Open gully opened 3 years ago
Ok, we already have an .estimate_uncertainty()
method. Yay!
We should update this method in a few ways. First:
We should make use of the .smooth_spectrum()
keyword argument bandwidth=
. We would essentially set the bandwidth equal to some small number of pixels, say 2-10 pixels. Then the Gaussian Process will essentially act as a running-average around those few pixels. Currently the default is for a large bandwidth that may not be suitable for all spectra.
Second, we may want another method that does an in-place operation, meaning that the returned object is an EchelleSpectrum (or equivalent, e.g. HPFSpectrum) that has uncertainty values updated as described above.
.revise_uncertainty()
.revise_uncertainty_from_data()
.revise_uncertainty_from_self()
.verify_uncertainty()
.estimate_and_revise_uncertainty()
We often want to estimate the SNR from the data itself. This operation is not unique and depends strongly on the properties of the data itself. A common and fair assumption is that data are near-critically sampled, with a few pixels per resolution element, such that the spectrum possesses many regions in which adjacent pixels share exactly the same input flux, but with only the noise values different. The input flux need not even be exactly the same, but merely smoothly-varying-in-wavelength so that a trendline perceives and removes the trend leaving only a residual spectrum with scatter.

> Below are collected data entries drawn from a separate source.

Lemma traces_inj : injective traces.
Proof.
move=> S1 S2 e; apply/setP=> x.
have := congr1 (fun f : {dffun forall i : 'I_m, {set 'I_(p i)}} => f (tag x)) e.
by rewrite !ffunE => /setP /(_ (tagged x)); rewrite !inE vtx_tagged.
Qed.

Lemma of_tracesK : cancel of_traces traces.
Proof. by move=> f; apply/ffunP=> i; rewrite ffunE; apply/setP=> k; rewrite !inE. Qed.

Lemma card_subsets_sizes S (r : mi m) :
  #|[set S' : {set T} | (S' \subset S) && (sizes S' == r)]| = mbinom (sizes S) r.
Proof.
pose F i := [pred B : {set 'I_(p i)} | (B \subset part S i) && (#|B| == r i)].
rewrite -(card_imset _ traces_inj).
have -> : traces @: [set S' : {set T} | (S' \subset S) && (sizes S' == r)] =
          [set f : {dffun forall i : 'I_m, {set 'I_(p i)}} | f \in family F].
  apply/setP=> f; rewrite inE; apply/imsetP/familyP.
    move=> [S' /[!inE] /andP[sub /eqP sz] ->] i.
    rewrite ffunE inE -sz ffunE eqxx andbT.
    by apply/subsetP=> k; rewrite !inE; exact: (subsetP sub).
  move=> fF; exists (of_traces f); last by rewrite of_tracesK.
  rewrite inE; apply/andP; split.
    apply/subsetP=> x; rewrite inE => xf.
    by have := fF (tag x); rewrite inE => /andP[/subsetP /(_ _ xf)]; rewrite inE vtx_tagged.
  apply/eqP/ffunP=> i; rewrite ffunE.
  have := fF i; rewrite inE => /andP[_ /eqP <-].
  by apply: eq_card => k; rewrite !inE.
rewrite cardsE card_family foldrE big_map big_enum /mbinom /=.
by apply: eq_bigr => i _; rewrite ffunE -cards_draws; apply: eq_card => B; rewrite !inE.
Qed.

From this residual spectrum we quantify the pixel-to-pixel scatter with a robust standard deviation metric, either homoscedastic or heteroscedastic with some sort of window-function-based-standard-deviation, like
binned_statistic
Finally, an uncertainty derived in this way can be compared to the pipeline-reported SNR to gauge the reliability of the pipeline, or flag bad data. We could add a method or show a tutorial for overriding the pipeline uncertainty with this user-derived uncertainty in cases where the pipeline uncertainty is inaccurate.
We already have some of the tools in place to generate this residual spectrum:
.smooth_spectrum()
exists and is exactly what we aim for as the running-average model estimate.